**INPUT FOR THIS TASK**
(** Invariance: pulling [A] back by [TTZ] shifts each window by one step,
    which changes the frequency by at most [1 / n k <= 1 / (k+1)]. *)
Lemma empirical_inv A : empirical (fun w => A (TTZ w)) = empirical A.
Proof.
  unfold empirical. apply (ulim_close U HU); try apply window_freq_bounded.
  intros eps Heps. destruct (INR_unbounded (/ eps)) as [m Hmeps].
  apply (uf_mono _ HU) with (fun k => (m <= k)%nat); [|apply HU]. intros k Hk.
  unfold window_freq.
  replace (fun i => A (TTZ (orbZ i))) with (fun i => A (orbZ (S i)))
    by (apply functional_extensionality; intro i; rewrite TTZ_orbZ; auto).
  rewrite (ccount_shift (fun j => A (orbZ j))).
  destruct (ccount_shift1 (fun i => A (orbZ i)) (a k) (n k)) as [h1 h2].
  apply le_INR in h1; apply le_INR in h2. rewrite plus_INR in h1, h2. simpl INR in h1, h2.
  pose proof (window_length_pos k). specialize (Hn k). apply le_INR in Hn, Hk.
  rewrite S_INR in Hn.
  assert (Hinv : / INR (n k) < eps).
  { rewrite <- (Rinv_inv eps). apply Rinv_lt_contravar; [|lra].
    apply Rmult_lt_0_compat; [apply Rinv_0_lt_compat|]; lra. }
  assert (0 < / INR (n k)) by (apply Rinv_0_lt_compat; lra).
  assert (INR (n k) * / INR (n k) = 1) by (field; lra).
  unfold Rdiv. apply Rabs_def1; nra.
Qed.

Definition far (w : Z) : Prop := ~ gap X d T x y w < e.

Lemma empirical_far : 1 - lam <= empirical far.
Proof.
  apply (ulim_ge U HU); [apply window_freq_bounded|]. intro k. unfold window_freq.
  pose proof (ccount_compl (fun i => close_times d T x y e i = true) (a k) (n k)) as Hsplit.
  cbv beta in Hsplit.
  replace (fun i => ~ close_times d T x y e i = true) with (fun i => far (orbZ i)) in Hsplit.
  - specialize (Hwin k). rewrite count_in_ccount in Hwin.
    apply (f_equal INR) in Hsplit. rewrite plus_INR in Hsplit. pose proof (window_length_pos k).
    apply Rmult_le_reg_r with (INR (n k)); auto.
    unfold Rdiv. rewrite Rmult_assoc, Rinv_l by lra. lra.
  - apply functional_extensionality; intro i. apply propositional_extensionality.
    unfold far, gap, close_times; simpl. destruct Rlt_dec; split; intro; try tauto; discriminate.
Qed.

**WORK ITEM**
Lines with "empirical" in them are what the answer must contain; copy each from the records above.

**OUTPUT OF THE TASK**
Lemma empirical_inv A : empirical (fun w => A (TTZ w)) = empirical A.
  unfold empirical. apply (ulim_close U HU); try apply window_freq_bounded.
Lemma empirical_far : 1 - lam <= empirical far.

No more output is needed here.